Evidence and sources

Further numeric figures cited elsewhere on the web (single-digit hallucination rates after N iterations, double-digit accuracy improvements) are typically reported without enough methodological detail to reproduce. Treat them as directional, and measure on your own data.

FAQ

How big should the calibration dataset be to start iterating safely? A useful floor is around 150 expert-labeled examples spanning the failure modes you already know about. Below 50, single-record noise dominates revision-to-revision comparisons. The dataset should grow with every human review pass, with new examples drawn from the boundary slice.

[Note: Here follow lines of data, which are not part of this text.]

Lemma pr_partition (J : finType) (C : set B) (D : J -> set B) :
  (forall j, measurable (D j)) -> (forall i j, i != j -> D i `&` D j = set0) ->
  (forall x, C x <-> exists j, D j x) -> pr C = \sum_j pr (D j).
Proof.
move=> mD dD CD; have -> : C = \bigcup_(j in [set` enum J]) D j.
  apply/seteqP; split => x; last by move=> [j _ Djx]; apply/CD; exists j.
  by move/CD => [j Djx]; exists j; rewrite //= mem_enum.
rewrite /pr measure_fin_bigcup ?finite_seq//; last first.
  by apply/trivIsetP => i j _ _; exact: dD.
rewrite -fsbig_seq ?enum_uniq// big_enum /= sum_fine// => j _.
by rewrite fin_num_measure.
Qed.

Lemma entropyE (J : finType) (D : J -> set B) :
  entropy mu D = - \sum_j xlnx (pr (D j)).
Proof. by []. Qed.

Lemma entropy_le_of_refinement (J K : finType) (P : J -> set B) (Q : K -> set B) :
  (forall i j, i != j -> P i `&` P j = set0) ->
  is_partition Q -> (forall k, exists j, Q k `<=` P j) ->
  entropy mu P <= entropy mu Q.
Proof.
move=> dP Qpart /choice[f QP]; have [mQ [dQ _]] := Qpart.
have prP j : pr (P j) = \sum_(k | f k == j) pr (Q k).
  rewrite big_mkcond /= (@pr_partition _ _ (fun k => if f k == j then Q k else set0)).
  - by apply: eq_bigr => k _; case: ifP; rewrite // /pr measure0.
  - by move=> k; case: ifP => // _; exact: mQ.
  - move=> k k' kk'; case: ifP => _; last by rewrite set0I.
    by case: ifP => _; [exact: dQ|rewrite setI0].
  - move=> x; split => [Pjx|[k]]; last by case: ifP => // /eqP <- /QP.
    have [k Qkx] := is_partition_cover Qpart x; exists k.
    by rewrite (disjoint_family_eq dP (QP k x Qkx) Pjx) eqxx.
rewrite !entropyE lerN2 (partition_big f xpredT)//=.
by apply: ler_sum => j _; rewrite prP; apply: xlnx_sum_le => k; exact: pr_ge0.
Qed.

How do I prevent a "fix" on one dimension from regressing another? Set per-dimension floors and refuse any revision that drops a dimension below its floor, even if the composite improves. CI enforces this automatically.

Who owns the rubric, the engineer or the domain expert? The expert owns the rubric, the engineer owns the prompt, and both sign off on the calibration dataset. When the expert and engineer disagree on whether an output is good, the rubric is the tiebreaker; if the rubric does not resolve the disagreement, it needs another counterexample.

Can the managed LLM judge fully replace expert review? Not on its own. The judge's job is to scale expert judgment across the full traffic, but its agreement with experts is itself a metric that has to be measured and re-measured. Sampled human review feeds the dataset that keeps the judge honest.

How often should the prompt change in production in practice? As often as the loop produces a revision that passes the gate. Some teams ship a revision a week; others go months between revisions. Cadence is an output of the loop, not an input.

What changes when the underlying model is swapped? The objective, calibration set, and rubric remain. The prompt may need to be re-tuned, and the judge has to be re-calibrated against the new model's outputs before the gate is trusted. A model swap is a major version bump for the system, even if the prompt text is unchanged.